# Applying devcon 2 ton easier



## gino (May 14, 2008)

Hey guys I use devcon as a clear in my baits and I bought a bunch of acid brushes for the job but I don't know if I got some bad brushs but the would loose some strands of hair or brisills I don't know what you would call it so I was in the middle of epoxing a bunch of baits when I remembered a gentleman that post useing your finger (with rubber gloves) so I tried it and I won't be buying brushes anymore the baits tourned out just awesome with a nice thin coat and then a second coat I don't remember the guy who posted it but thank you works great


----------



## All Eyes (Jul 28, 2004)

Not all brushes are made the same. Some shed like crazy and others rarely do at all. The pack I just bought at Menards are not the same as others I've picked up there in the past. The bristles bush out too much with wild strands that have a mind of their own. 
One trick with the metal acid ones is to pinch them a bit with pliers before use. Then give the bristles a slight tug to remove any that may still be loose. My favorite brushes to use on my baits are the colored plastic ones sold in the craft dept. at Wally Mart. (The handles are multi-colored but the bristles are black) They are a bit small for larger baits, but lay nice and flat and rarely ever shed. Plus they are sold in large quantity packs for under $5 Never use hair bristled brushes for epoxy. Hair is much harder to see when they come loose and the cheap ones shed like a dog with the mange.


----------



## HappySnag (Dec 20, 2007)

All Eyes said:


> Not all brushes are made the same.

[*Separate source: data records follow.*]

(* Fix $\beta=(\beta_1,\beta_2)\in\mathbb{R}^2$ with $\beta_1>\beta_2$. Let $P_\sigma:=\{(S_1,S_2)\in\mathbb{R}^2: S_1+S_2\le 1\}$, $I:=1-S_1-S_2$, $\mathcal{P}:=\{(X,I)\in\mathbb{R}^2: I\ge 0\}$, and $\varphi_\beta:P_\sigma\to\mathcal{P}$, $\varphi_\beta(S_1,S_2)=(\beta_1S_1+\beta_2S_2,\;1-S_1-S_2)$. For smooth functions $\Omega_1,\Omega_2:P_\sigma\to\mathbb{R}$ and reals $\gamma_1,\gamma_2$ with $\gamma_1+\gamma_2=1$, let $F_{(\Omega,\gamma)}$ be the vector field on $P_\sigma$ given by $$\dot S_1=-\beta_1S_1I-\Omega_1S_1+\Omega_2S_2+\gamma_1 I,\qquad \dot S_2=-\beta_2S_2I+\Omega_1S_1-\Omega_2S_2+\gamma_2 I .$$ For $f\in C^\infty(\mathcal{P})$ let $V_f:=f\,\partial_X+(X-1)I\,\partial_I$ (i.e. the system $\dot X=f(X,I)$, $\dot I=(X-1)I$). Then: (i) For every such $(\Omega,\gamma)$ one has $(\varphi_\beta)_*F_{(\Omega,\gamma)}=V_f$, where $$f(X,I)=\lambda I+(1-I)P(X,I)+XQ(X,I),\quad \lambda=\beta_1\gamma_1+\beta_2\gamma_2,$$ $$P=(\beta_1\Omega_2+\beta_2\Omega_1+\beta_1\beta_2 I)\circ\varphi_\beta^{-1},\qquad Q=-(\Omega_1+\Omega_2+(\beta_1+\beta_2)I)\circ\varphi_\beta^{-1}.$$ (ii) The assignment $F_{(\Omega,\gamma)}\mapsto f$ is a bijection from the set of all vector fields $F_{(\Omega,\gamma)}$ (for this fixed $\beta$, all smooth $\Omega_1,\Omega_2$ and all $\gamma_1+\gamma_2=1$) onto $C^\infty(\mathcal{P})$. (iii) For every $f\in C^\infty(\mathcal{P})$ put $\lambda_f:=f(0,1)$, $Q_f(X,I):=(f(X,I)-f(0,I))/X$, $P_f(I):=(f(0,I)-f(0,1)I)/(1-I)$ (smoothly extended to $X=0$, resp. $I=1$). Then there is exactly one pair $(\Omega,\gamma)$ with $\gamma_1+\gamma_2=1$ such that $(\beta_1\Omega_2+\beta_2\Omega_1+\beta_1\beta_2I)\circ\varphi_\beta^{-1}$ does not depend on $X$ and $(\varphi_\beta)_*F_{(\Omega,\gamma)}=V_f$; it is given by $$\Omega_1=\frac{P_f+\beta_1Q_f+\beta_1^2I}{\beta_2-\beta_1}\circ\varphi_\beta,\quad \Omega_2=\frac{P_f+\beta_2Q_f+\beta_2^2I}{\beta_1-\beta_2}\circ\varphi_\beta,\quad \gamma_1=\frac{\lambda_f-\beta_2}{\beta_1-\beta_2},\ \gamma_2=\frac{\beta_1-\lambda_f}{\beta_1-\beta_2}.$$
   Context: $(\varphi_\beta)_*F$ denotes the push-forward $D\varphi_\beta\circ F\circ\varphi_\beta^{-1}$ of a vector field $F$. The system $F_{(\Omega,\gamma)}$ is the ''SSISS model'' (two susceptible compartments $S_1,S_2$, one infectious compartment $I$, recovery rate normalized to $1$), and $X=\beta_1S_1+\beta_2S_2$ is the replacement number; the system $V_f$ is called a replacement number dynamics (RND). *)

From Stdlib Require Import Reals.
From Coquelicot Require Import Coquelicot.
Open Scope R_scope.

Definition dX (g : R -> R -> R) : R -> R -> R :=
  fun x y => Derive (fun t => g t y) x.
Definition dY (g : R -> R -> R) : R -> R -> R :=
  fun x y => Derive (fun t => g x t) y.

Definition cont2 (g : R -> R -> R) : Prop :=
  forall p : R * R, continuous (fun q : R * R => g (fst q) (snd q)) p.

Fixpoint Ck (n : nat) (g : R -> R -> R) : Prop :=
  match n with
  | O => cont2 g
  | S m =>
      (forall x y, ex_derive (fun t => g t y) x /\ ex_derive (fun t => g x t) y)
      /\ Ck m (dX g) /\ Ck m (dY g) /\ cont2 g
  end.

Definition smooth (g : R -> R -> R) : Prop := forall n, Ck n g.

Definition smooth_on (D : R -> R -> Prop) (g : R -> R -> R) : Prop :=
  exists h, smooth h /\ forall x y, D x y -> g x y = h x y.

Definition eq_on (D : R -> R -> Prop) {T : Type} (g h : R -> R -> T) : Prop :=
  forall x y, D x y -> g x y = h x y.

Definition Psigma (S1 S2 : R) : Prop := S1 + S2 <= 1.
Definition Pcal (X I : R) : Prop := 0 <= I.

Definition phi (b1 b2 : R) (S1 S2 : R) : R * R :=
  (b1 * S1 + b2 * S2, 1 - S1 - S2).

Definition phi_inv (b1 b2 : R) (X I : R) : R * R :=
  ((X - b2 * (1 - I)) / (b1 - b2), (b1 * (1 - I) - X) / (b1 - b2)).

Definition vfield := R -> R -> R * R.

(* (phi_beta)_* F = D phi o F o phi^{-1}, with the differential D phi (p) v
   computed as the directional derivative d/dt phi(p + t v) at t = 0. *)
Definition push (b1 b2 : R) (F : vfield) : vfield :=
  fun X I =>
    let p := phi_inv b1 b2 X I in
    let v := F (fst p) (snd p) in
    (Derive (fun t => fst (phi b1 b2 (fst p + t * fst v) (snd p + t * snd v))) 0,
     Derive (fun t => snd (phi b1 b2 (fst p + t * fst v) (snd p + t * snd v))) 0).

Definition Ffield (b1 b2 : R) (Om1 Om2 : R -> R -> R) (g1 g2 : R) : vfield :=
  fun S1 S2 =>
    let I := 1 - S1 - S2 in
    (- b1 * S1 * I - Om1 S1 S2 * S1 + Om2 S1 S2 * S2 + g1 * I,
     - b2 * S2 * I + Om1 S1 S2 * S1 - Om2 S1 S2 * S2 + g2 * I).

Definition Vfield (f : R -> R -> R) : vfield :=
  fun X I => (f X I, (X - 1) * I).

Definition admissible (Om1 Om2 : R -> R -> R) (g1 g2 : R) : Prop :=
  smooth_on Psigma Om1 /\ smooth_on Psigma Om2 /\ g1 + g2 = 1.

Definition lam_of (b1 b2 g1 g2 : R) : R := b1 * g1 + b2 * g2.

Definition P_of (b1 b2 : R) (Om1 Om2 : R -> R -> R) : R -> R -> R :=
  fun X I => let p := phi_inv b1 b2 X I in
    b1 * Om2 (fst p) (snd p) + b2 * Om1 (fst p) (snd p)
    + b1 * b2 * (1 - fst p - snd p).

Definition Q_of (b1 b2 : R) (Om1 Om2 : R -> R -> R) : R -> R -> R :=
  fun X I => let p := phi_inv b1 b2 X I in
    - (Om1 (fst p) (snd p) + Om2 (fst p) (snd p) + (b1 + b2) * (1 - fst p - snd p)).

Definition f_of (b1 b2 : R) (Om1 Om2 : R -> R -> R) (g1 g2 : R) : R -> R -> R :=
  fun X I => lam_of b1 b2 g1 g2 * I + (1 - I) * P_of b1 b2 Om1 Om2 X I
             + X * Q_of b1 b2 Om1 Om2 X I.

Definition lam_f (f : R -> R -> R) : R := f 0 1.

(* (f(X,I) - f(0,I))/X, extended at X = 0 by its limit d_X f(0,I) *)
Definition Q_f (f : R -> R -> R) (X I : R) : R :=
  if Req_EM_T X 0 then dX f 0 I else (f X I - f 0 I) / X.

(* (f(0,I) - f(0,1) I)/(1-I), extended at I = 1 by its limit f(0,1) - d_I f(0,1) *)
Definition P_f (f : R -> R -> R) (I : R) : R :=
  if Req_EM_T I 1 then f 0 1 - dY f 0 1 else (f 0 I - f 0 1 * I) / (1 - I).

Definition Om1_f (b1 b2 : R) (f : R -> R -> R) : R -> R -> R :=
  fun S1 S2 => let q := phi b1 b2 S1 S2 in
    (P_f f (snd q) + b1 * Q_f f (fst q) (snd q) + b1 ^ 2 * snd q) / (b2 - b1).

Definition Om2_f (b1 b2 : R) (f : R -> R -> R) : R -> R -> R :=
  fun S1 S2 => let q := phi b1 b2 S1 S2 in
    (P_f f (snd q) + b2 * Q_f f (fst q) (snd q) + b2 ^ 2 * snd q) / (b1 - b2).

Definition g1_f (b1 b2 : R) (f : R -> R -> R) : R := (lam_f f - b2) / (b1 - b2).
Definition g2_f (b1 b2 : R) (f : R -> R -> R) : R := (b1 - lam_f f) / (b1 - b2).

Definition P_indep_X (b1 b2 : R) (Om1 Om2 : R -> R -> R) : Prop :=
  forall X X' I, Pcal X I -> P_of b1 b2 Om1 Om2 X I = P_of b1 b2 Om1 Om2 X' I.

(* Since phi_beta is an affine bijection from P_sigma onto Pcal, its differential is its
   linear part, so the push-forward of F is (b1 F1 + b2 F2, -(F1 + F2)) read through phi_beta^-1;
   substituting F_(Omega,gamma) gives V_f with f = lambda I + (1 - I) P + X Q, and injectivity of
   the push-forward gives injectivity of F |-> f.  Conversely P and Q determine Omega through an
   invertible linear system, so f is realised by choosing (P, Q) = (P_f, Q_f): both are smooth by
   Hadamard's lemma g(x,y)/x = int_0^1 d_x g(tx,y) dt for g(0,y) = 0 together with
   differentiation under the integral sign.  If P does not depend on X, the decomposition of f
   forces Q = Q_f (divide by X, or differentiate at X = 0) and P = P_f (set X = 0, then divide
   by 1 - I or differentiate at I = 1), which is the uniqueness in (iii). *)

From Stdlib Require Import Reals Lra FunctionalExtensionality.
From Coquelicot Require Import Coquelicot.
Open Scope R_scope.

Lemma cont2_continuity_2d (g : R -> R -> R) :
  cont2 g <-> forall x y, continuity_2d_pt g x y.
Proof.
  split.
  - intros Hg x y. apply continuity_2d_pt_filterlim, (Hg (x, y)).
  - intros Hg [x y]. apply continuity_2d_pt_filterlim, Hg.
Qed.

Lemma cont2_comp {U : UniformSpace} (g : R -> R -> R) (u v : U -> R) (p : U) :
  cont2 g -> continuous u p -> continuous v p -> continuous (fun q => g (u q) (v q)) p.
Proof. intros Hg Hu Hv. apply continuous_comp_2; auto. Qed.

Lemma Ck_cont2 n g : Ck n g -> cont2 g.
Proof. destruct n; simpl; tauto. Qed.

Lemma Ck_pred n : forall g, Ck (S n) g -> Ck n g.
Proof.
  induction n as [|n IHn]; intros g Hg; [exact (proj2 (proj2 (proj2 Hg)))|].
  destruct Hg as (Hex & HdX & HdY & Hc).
  split; [exact Hex | split; [apply IHn, HdX | split; [apply IHn, HdY | exact Hc]]].
Qed.

Lemma Ck_ext n (g h : R -> R -> R) : (forall x y, g x y = h x y) -> Ck n g -> Ck n h.
Proof.
  intros E. replace h with g; [auto|].
  do 2 (apply functional_extensionality; intro). apply E.
Qed.

Lemma smooth_ext (g h : R -> R -> R) : (forall x y, g x y = h x y) -> smooth g -> smooth h.
Proof. intros E Hg n. exact (Ck_ext n g h E (Hg n)). Qed.

Lemma smooth_cont2 g : smooth g -> cont2 g.
Proof. intros Hg. exact (Hg O). Qed.

Lemma smooth_ex_derive g : smooth g -> forall x y,
  ex_derive (fun t => g t y) x /\ ex_derive (fun t => g x t) y.
Proof. intros Hg. exact (proj1 (Hg 1%nat)). Qed.

Lemma smooth_dX g : smooth g -> smooth (dX g).
Proof. intros Hg n. exact (proj1 (proj2 (Hg (S n)))). Qed.

Lemma smooth_dY g : smooth g -> smooth (dY g).
Proof. intros Hg n. exact (proj1 (proj2 (proj2 (Hg (S n))))). Qed.

Lemma is_derive_dX g x y : smooth g -> is_derive (fun t => g t y) x (dX g x y).
Proof. intros Hg. apply Derive_correct. exact (proj1 (smooth_ex_derive g Hg x y)). Qed.

Lemma is_derive_dY g x y : smooth g -> is_derive (fun t => g x t) y (dY g x y).
Proof. intros Hg. apply Derive_correct. exact (proj2 (smooth_ex_derive g Hg x y)). Qed.

Lemma Ck_ex_diff_n n : forall g, Ck n g -> forall x y, ex_diff_n g n x y.
Proof.
  induction n as [|n IHn]; intros g Hg x y.
  - split; [apply cont2_continuity_2d, Hg | exact I].
  - destruct Hg as (Hex & HdX & HdY & Hc).
    simpl. split; [apply cont2_continuity_2d, Hc|].
    split; [apply (Hex x y)|]. split; [apply (Hex x y)|].
    split; apply IHn; assumption.
Qed.

Lemma smooth_differentiable g x y : smooth g ->
  differentiable_pt_lim g x y (dX g x y) (dY g x y).
Proof.
  intros Hg.
  destruct (Taylor_Lagrange_2d g 1 x y) as [D [d HD]].
  { exists (mkposreal 1 Rlt_0_1). intros u v _ _. apply Ck_ex_diff_n, Hg. }
  intros eps.
  assert (HD0 : 0 < Rabs D + 1) by (pose proof (Rabs_pos D); lra).
  assert (Hr : 0 < eps / (Rabs D + 1)) by (apply Rdiv_lt_0_compat; [apply cond_pos | exact HD0]).
  exists (mkposreal _ (Rmin_pos _ _ (cond_pos d) Hr)).
  intros u v Hu Hv. simpl in Hu, Hv.
  specialize (HD u v (Rlt_le_trans _ _ _ Hu (Rmin_l _ _)) (Rlt_le_trans _ _ _ Hv (Rmin_l _ _))).
  set (m := Rmax (Rabs (u - x)) (Rabs (v - y))) in *.
  assert (Hpol : DL_pol 1 g x y (u - x) (v - y)
                 = g x y + (dX g x y * (u - x) + dY g x y * (v - y))).
  { unfold DL_pol, differential, partial_derive, Binomial.C, dX, dY. simpl. field. }
  rewrite Hpol in HD.
  (* the Taylor-Lagrange remainder is at most D m^2, which is below eps m once m (|D| + 1) <= eps *)
  assert (Hm0 : 0 <= m) by (eapply Rle_trans; [apply Rabs_pos | apply Rmax_l]).
  assert (Hm : m * (Rabs D + 1) <= eps).
  { assert (Hlt : m < eps / (Rabs D + 1)).
    { apply Rmax_lub_lt; eapply Rlt_le_trans; eauto; apply Rmin_r. }
    apply Rlt_le. apply (Rmult_lt_compat_r (Rabs D + 1)) in Hlt; [|exact HD0].
    unfold Rdiv in Hlt. rewrite Rmult_assoc, Rinv_l in Hlt; lra. }
  replace (g u v - g x y - (dX g x y * (u - x) + dY g x y * (v - y)))
    with (g u v - (g x y + (dX g x y * (u - x) + dY g x y * (v - y)))) by ring.
  eapply Rle_trans; [exact HD|].
  pose proof (Rle_abs D). pose proof (Rabs_pos D). nra.
Qed.

Lemma Ck_const n : forall c, Ck n (fun _ _ => c).
Proof.
  induction n as [|n IHn]; intros c.
  - intros p. apply continuous_const.
  - split; [|split; [|split]].
    + intros; split; apply ex_derive_const.
    + apply (Ck_ext n (fun _ _ => 0)); [|apply IHn].
      intros; unfold dX; rewrite Derive_const; reflexivity.
    + apply (Ck_ext n (fun _ _ => 0)); [|apply IHn].
      intros; unfold dY; rewrite Derive_const; reflexivity.
    + intros p. apply continuous_const.
Qed.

Some shed like crazy and others rarely do at all. The pack I just bought at Menards are not the same as others I've picked up there in the past. The bristles bush out too much with wild strands that have a mind of their own.
> One trick with the metal acid ones is to pinch them a bit with pliers before use. Then give the bristles a slight tug to remove any that may still be loose. My favorite brushes to use on my baits are the colored plastic ones sold in the craft dept. at Wally Mart. (The handles are multi-colored but the bristles are black) They are a bit small for larger baits, but lay nice and flat and rarely ever shed. Plus they are sold in large quantity packs for under $5 Never use hair bristled brushes for epoxy. Hair is much harder to see when they come loose and the cheap ones shed like a dog with the mange.


put crayzy glue in the base of the brush to stop sheding.


----------



## All Eyes (Jul 28, 2004)

HappySnag said:


> put crayzy glue in the base of the brush to stop sheding.


Interesting. Something to keep in mind when it comes up again. Thanks.


----------